(* [pad lo hi x] is the sequence lo, x 0, ..., x (k - 1), hi, hi, ... *)
Definition pad (lo hi : T) k (x : 'I_k -> T) (j : nat) : T :=
  if j is j'.+1 then (if insub j' is Some i then x i else hi) else lo.

Lemma padS (lo hi : T) k (x : 'I_k -> T) (i : 'I_k) : pad lo hi x i.+1 = x i.
Proof. by rewrite /= valK. Qed.

Lemma pad_last (lo hi : T) k (x : 'I_k -> T) : pad lo hi x k.+1 = hi.
Proof. by rewrite /= insubF ?ltnn. Qed.

Lemma pad_restrict (Z : nat -> T) k j : (j <= k.+1)%N ->
  pad (Z 0%N) (Z k.+1) (fun i : 'I_k => Z i.+1) j = Z j.
Proof.
case: j => //= j jk; case: insubP => [i _ -> //|].
by rewrite -leqNgt => kj; have -> : j = k by lia.
Qed.

End Pad.

Lemma pad_map (T T' : Type) (f : T -> T') (lo hi : T) k (x : 'I_k -> T) j :
  f (pad lo hi x j) = pad (f lo) (f hi) (f \o x) j.
Proof. by case: j => //= j; case: insub. Qed.

Section ConeChains.
Variables (V : zmodType) (K : set V).
Hypotheses (K0 : K 0) (KD : forall x y, K x -> K y -> K (x + y)).
Local Notation le x y := (K (y - x)).

Lemma cone_sum (I : Type) (r : seq I) (P : pred I) (F : I -> V) :
  (forall i, P i -> K (F i)) -> K (\sum_(i <- r | P i) F i).
Proof. by move=> KF; apply: big_ind => // i /KF. Qed.

Lemma cone_le_refl x : le x x.
Proof. by rewrite subrr. Qed.

Lemma cone_le_psum (e : nat -> V) i j : (forall l, K (e l)) -> (i <= j)%N ->
  le (\sum_(0 <= l < i) e l) (\sum_(0 <= l < j) e l).
Proof.
move=> Ke ij; rewrite (big_cat_nat (leq0n i) ij) /= addrC addrK.
exact: cone_sum.
Qed.

Definition ord_ext k (e : 'I_k -> V) (i : nat) : V :=
  if insub i is Some o then e o else 0.

Lemma ord_ext_ord k (e : 'I_k -> V) (i : 'I_k) : ord_ext e i = e i.
Proof. by rewrite /ord_ext valK. Qed.

Lemma cone_ord_ext k (e : 'I_k -> V) i : (forall o, K (e o)) -> K (ord_ext e i).
Proof. by move=> Ke; rewrite /ord_ext; case: insub. Qed.

Lemma sum_ord_ext k (e : 'I_k -> V) :
  \sum_(i < k) e i = \sum_(0 <= i < k) ord_ext e i.
Proof. by rewrite big_mkord; apply: eq_bigr => i _; rewrite ord_ext_ord. Qed.

Lemma pad_mono (lo hi : V) k (x : 'I_k -> V) :
  le lo hi -> (forall i, le lo (x i)) -> (forall i, le (x i) hi) ->
  (forall i j : 'I_k, (i <= j)%N -> le (x i) (x j)) ->
  forall i j, (i <= j)%N -> le (pad lo hi x i) (pad lo hi x j).
Proof.
move=> lo_hi lo_x x_hi x_mono [|i] [|j] //= ij; first exact: cone_le_refl.
  by case: insubP.
case: insubP => [j' _ vj|_]; case: insubP => [i' _ vi|ik] //.
- by apply: x_mono; rewrite vi vj.
- by have := valP j'; rewrite vj; move: ik; rewrite -leqNgt; lia.
- exact: cone_le_refl.
Qed.

End ConeChains.

Lemma omega_hat_dual_cone (R : realType) (n m : nat) (Apos : set 'rV[R]_n)
    (Bpos : set 'rV[R]_m) (W : 'M[R]_(n, m)) :
  convex_cone Bpos -> closed Bpos -> in_max_tensor Apos Bpos W ->
  forall a, dual_cone Apos a -> Bpos (omega_hat W a).
Proof.
move=> Bcc Bcl W_pos a a_dual; apply: closed_cone_bidual => // f f_dual.
exact: W_pos.
Qed.

Lemma marginalB_neq0 (R : realType) (n m : nat) (uA : 'rV[R]_n) (uB : 'rV[R]_m)
    (W : 'M[R]_(n, m)) :
  bform W uA uB = 1 -> marginalB W uA != 0.
Proof.
move=> W_norm; apply/eqP => wB0; move: W_norm.
rewrite /bform -/(omega_hat W uA) -/(marginalB W uA) wB0 mul0mx mxE => /eqP.
by rewrite eq_sym oner_eq0.
Qed.

Definition lifts_chains (X Y : Type) (SX : set X) (leX : X -> X -> Prop)
    (SY : set Y) (leY : Y -> Y -> Prop) (p : X -> Y) : Prop :=
  forall (k : nat) (y : 'I_k -> Y),
    (forall i, SY (y i)) ->
    (forall (i j : 'I_k), (i <= j)%N -> leY (y i) (y j)) ->
  exists x : 'I_k -> X, [/\ forall i, SX (x i),
    (forall (i j : 'I_k), (i <= j)%N -> leX (x i) (x j))
    & forall i, p (x i) = y i].

Lemma lifts_chains_surjective (X Y : Type) (SX : set X) (leX : X -> X -> Prop)
    (SY : set Y) (leY : Y -> Y -> Prop) (p : X -> Y) :
  (forall y, leY y y) -> lifts_chains SX leX SY leY p ->
  forall y, SY y -> exists2 x, SX x & p x = y.
Proof.
move=> leY_refl lift y SYy.
have [x [SXx _ pxy]] := lift 1%N (fun=> y) (fun=> SYy) (fun _ _ _ => leY_refl y).
by exists (x ord0).
Qed.

Section Steering.
Variables (R : realType) (n m : nat) (Apos : set 'rV[R]_n) (uA : 'rV[R]_n)
  (Bpos : set 'rV[R]_m) (W : 'M[R]_(n, m)).
Hypotheses (Bcc : convex_cone Bpos) (uA_dual : dual_cone Apos uA)
  (omega_pos : forall a, dual_cone Apos a -> Bpos (omega_hat W a)).

Local Notation wB := (marginalB W uA).
Local Notation effect := (effects Apos uA).
Local Notation leA := (ord_le (dual_cone Apos)).
Local Notation leB := (ord_le Bpos).

Let A0 : dual_cone Apos 0 := (dual_cone_convex Apos).1.
Let AD : forall a a', dual_cone Apos a -> dual_cone Apos a' -> dual_cone Apos (a + a') :=
  (dual_cone_convex Apos).2.1.
Let B0 : Bpos 0 := Bcc.1.
Let BD : forall b b', Bpos b -> Bpos b' -> Bpos (b + b') := Bcc.2.1.

Lemma omega_hat0 : omega_hat W 0 = 0.
Proof. exact: mul0mx. Qed.

Lemma omega_hatB a a' : omega_hat W (a - a') = omega_hat W a - omega_hat W a'.
Proof. exact: mulmxBl. Qed.

Lemma omega_hat_monotone a a' : leA a a' -> leB (omega_hat W a) (omega_hat W a').
Proof. by rewrite /ord_le -omega_hatB; exact: omega_pos. Qed.

Lemma omega_hat_effect a : effect a -> ord_interval Bpos 0 wB (omega_hat W a).
Proof.
by move=> [a_ge0 a_le]; split; rewrite -?omega_hat0; apply: omega_hat_monotone.
Qed.

Lemma steering_lifts_chains : steering Apos uA Bpos W ->
  lifts_chains effect leA (ord_interval Bpos 0 wB) leB (omega_hat W).
Proof.
move=> steer k y y_range y_mono.
pose Z := pad 0 wB y.
have Z_mono : forall i j, (i <= j)%N -> leB (Z i) (Z j).
  apply: pad_mono => //; first by rewrite /ord_le subr0; exact: omega_pos.
  - by move=> i; have [] := y_range i.
  - by move=> i; have [] := y_range i.
pose b (i : 'I_k.+1) := Z i.+1 - Z i.
have b_ens : ensemble Bpos wB b.
  split=> [i|]; first exact: Z_mono.
  rewrite -(big_mkord xpredT (fun i => Z i.+1 - Z i)) telescope_sumr //.
  by rewrite /Z pad_last subr0.
have [e [[e_eff e_sum] e_b]] := steer _ _ b_ens.
have e_dual i : dual_cone Apos (ord_ext e i).
  by apply: (cone_ord_ext A0) => o; have [] := e_eff o; rewrite /ord_le subr0.
exists (fun j => \sum_(0 <= i < j.+1) ord_ext e i); split.
- move=> j; split; first by rewrite /ord_le subr0; apply: (cone_sum A0 AD) => i _.
  rewrite -[X in ord_le _ _ X]e_sum sum_ord_ext.
  exact: (@cone_le_psum _ _ A0 AD _ j.+1 k.+1 e_dual (ltnW (ltn_ord j))).
- by move=> i j ij; apply: (cone_le_psum A0 AD e_dual).
- move=> j; rewrite /omega_hat mulmx_suml.
  rewrite (@eq_big_nat _ _ _ _ _ _ (fun i => Z i.+1 - Z i)).
    by rewrite telescope_sumr // /Z padS subr0.
  move=> i /andP [_ ij]; have ik : (i < k.+1)%N by have := ltn_ord j; lia.
  by rewrite -[i]/(nat_of_ord (Ordinal ik)) ord_ext_ord; exact: e_b.
Qed.
(* Let $m\ge2$, $0<h<2^m$ and $k\in\mathbb{Z}_0^m$. Then: the support $\mathrm{supp}\,\tau_k$ is a strictly convex compact $(m-1)$-dimensional body in $\mathbb{H}$; $\tau_k$ is nonnegative and strictly concave on $\mathrm{supp}\,\tau_k$; and $\tau_k$ is continuous on $\mathbb{H}$.
   Context: $s(t)=2\sin(t/2)$; $\mathbb{V}(h)=\{x\in\mathbb{R}^m:|\prod_{j=1}^m s(x_j)|\ge h\}$; $\mathbb{V}_0(h)=\mathbb{V}(h)\cap[0,2\pi]^m$; $\mathbb{V}_k(h)=\mathbb{V}_0(h)+2\pi k$ for $k\in\mathbb{Z}^m$. $\mathbb{Z}_0^m=\{0\}\times\mathbb{Z}^{m-1}$. $\mathcal{E}=(1,\dots,1)$, $\ell(x)=\{x+t\mathcal{E}:t\in\mathbb{R}\}$, and $\mathbb{H}=\{x\in\mathbb{R}^m:\sum_j x_j=0\}$. For $x\in\mathbb{H}$, $\tau_k(x)=\mathrm{mes}_1(\ell(x)\cap\mathbb{V}_k(h))$ (length of the intersection). $\mathrm{supp}\,\tau_k=\{x\in\mathbb{H}:\ell(x)\cap\mathbb{V}_k(h)\ne\emptyset\}$, the orthogonal projection of $\mathbb{V}_k(h)$ onto $\mathbb{H}$. *)

From Stdlib Require Import Reals Lra Lia ZArith ClassicalEpsilon.
Open Scope R_scope.

(* Points of R^m are represented by functions nat -> R; only the coordinates
   j < m are meaningful.  [vec m x] says x is the canonical representative
   (coordinates j >= m are 0). *)
Definition vec (m : nat) (x : nat -> R) : Prop :=
  forall j : nat, (m <= j)%nat -> x j = 0.

Fixpoint sumR (m : nat) (f : nat -> R) : R :=
  match m with O => 0 | S n => sumR n f + f n end.

Fixpoint prodR (m : nat) (f : nat -> R) : R :=
  match m with O => 1 | S n => prodR n f * f n end.

Definition p7_dist (m : nat) (x y : nat -> R) : R :=
  sqrt (sumR m (fun j => (x j - y j) ^ 2)).

Definition s (t : R) : R := 2 * sin (t / 2).

Definition V (m : nat) (h : R) (x : nat -> R) : Prop :=
  Rabs (prodR m (fun j => s (x j))) >= h.

Definition V0 (m : nat) (h : R) (x : nat -> R) : Prop :=
  V m h x /\ (forall j, (j < m)%nat -> 0 <= x j <= 2 * PI).

Definition Vk (m : nat) (h : R) (k : nat -> Z) (y : nat -> R) : Prop :=
  V0 m h (fun j => y j - 2 * PI * IZR (k j)).

Definition Hyp (m : nat) (x : nat -> R) : Prop :=
  vec m x /\ sumR m x = 0.

Definition shift (x : nat -> R) (t : R) : nat -> R := fun j => x j + t.

Definition cover_sum (A : R -> Prop) (l : R) : Prop :=
  exists a b : nat -> R,
    (forall n, a n <= b n) /\
    (forall t, A t -> exists n, a n <= t <= b n) /\
    Un_cv (fun N => sum_f_R0 (fun n => b n - a n) N) l.

Definition p7_is_glb (E : R -> Prop) (v : R) : Prop :=
  (forall l, E l -> v <= l) /\ (forall w, (forall l, E l -> w <= l) -> w <= v).

Definition lebesgue1 (A : R -> Prop) : R :=
  epsilon (inhabits 0) (fun v => p7_is_glb (cover_sum A) v).

(* tau_k(x) = mes_1(l(x) /\ V_k(h)); the line l(x) is parametrised by
   t |-> x + tE, which has speed |E| = sqrt m, hence the factor sqrt m. *)
Definition tau (m : nat) (h : R) (k : nat -> Z) (x : nat -> R) : R :=
  sqrt (INR m) * lebesgue1 (fun t => Vk m h k (shift x t)).
(* Let $E,E_1,F,F_1$ be Banach spaces over $\mathbb{K}$, $m\in\mathbb{N}$, and let $R\in\mathcal{L}(E;F)$ and $B\in\mathcal{L}(E_1;F_1)$ be non-zero operators. Let $\mathcal{A}$ be an operator ideal and $(\mathcal{Q},\|\cdot\|_\mathcal{Q})$ a Banach polynomial ideal such that the bounded linear operator $S_{RB}\colon\mathcal{Q}(^mF_1;E)\to\mathcal{Q}(^mE_1;F)$, $S_{RB}(P)=R\circ P\circ B$, belongs to $\mathcal{A}$. Then: (a) $R\in\mathcal{A}(E;F)$; (b) if $(\mathcal{Q},\|\cdot\|_\mathcal{Q})$ contains the finite rank polynomials strongly, then $B\in\Delta^1_m\mathcal{A}(E_1;F_1)$, i.e. the operator $\Delta^1_mB\colon\mathcal{P}(^mF_1)\to\mathcal{P}(^mE_1)$, $q\mapsto q\circ B$, belongs to $\mathcal{A}(\mathcal{P}(^mF_1);\mathcal{P}(^mE_1))$.
   Context: Banach spaces are over $\mathbb{K}=\mathbb{R}$ or $\mathbb{C}$; $\mathcal{P}(^jX;Y)$ is the Banach space of continuous $j$-homogeneous polynomials $X\to Y$ with sup norm, $\mathcal{P}(^jX)=\mathcal{P}(^jX;\mathbb{K})$, $\mathcal{L}(X;Y)$ the bounded linear operators. Operator ideals are in the sense of Pietsch. A polynomial of finite type is a finite linear combination of maps $x\mapsto\varphi(x)^jb$, $\varphi\in X^*$, $b\in Y$. A Banach polynomial ideal is a subclass $\mathcal{Q}$ of all continuous homogeneous polynomials between Banach spaces, with components $\mathcal{Q}(^jX;Y)=\mathcal{P}(^jX;Y)\cap\mathcal{Q}$ that are linear subspaces containing the finite-type polynomials, together with a function $\|\cdot\|_\mathcal{Q}$ that is a complete norm on each component, with $\|\lambda\in\mathbb{K}\mapsto\lambda^j\|_\mathcal{Q}=1$ for every $j$, and such that $t\circ P\circ u\in\mathcal{Q}(^jX;H)$ with $\|t\circ P\circ u\|_\mathcal{Q}\le\|t\|\,\|P\|_\mathcal{Q}\,\|u\|^j$ whenever $t\in\mathcal{L}(G;H)$, $P\in\mathcal{Q}(^jY;G)$, $u\in\mathcal{L}(X;Y)$. For $q\in\mathcal{P}(^jX)$ and $y\in Y$, $q\otimes y$ is the polynomial $x\mapsto q(x)y$. $(\mathcal{Q},\|\cdot\|_\mathcal{Q})$ contains the finite rank polynomials strongly if for each $j$ there is a constant $K_j$ such that for all Banach spaces $X,Y$, $q\in\mathcal{P}(^jX)$, $y\in Y$: $q\otimes y\in\mathcal{Q}(^jX;Y)$ and $\|q\otimes y\|_\mathcal{Q}\le K_j\|q\|\,\|y\|$. The spaces $\mathcal{Q}(^mF_1;E)$, $\mathcal{Q}(^mE_1;F)$ carry the norm $\|\cdot\|_\mathcal{Q}$. *)

From HB Require Import structures.
From mathcomp Require Import all_boot all_order all_algebra.
From mathcomp Require Import all_classical all_reals all_analysis.
From mathcomp Require Import complex.
Set Implicit Arguments. Unset Strict Implicit. Unset Printing Implicit Defensive.
Import Order.TTheory GRing.Theory Num.Theory.
Import numFieldNormedType.Exports.
Local Open Scope ring_scope.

▬▬▬

TASK DIRECTIONS: All that is needed is how many lines of the listing hold the word "Require", stated as one number.

ANSWER TO THE EXERCISE: 5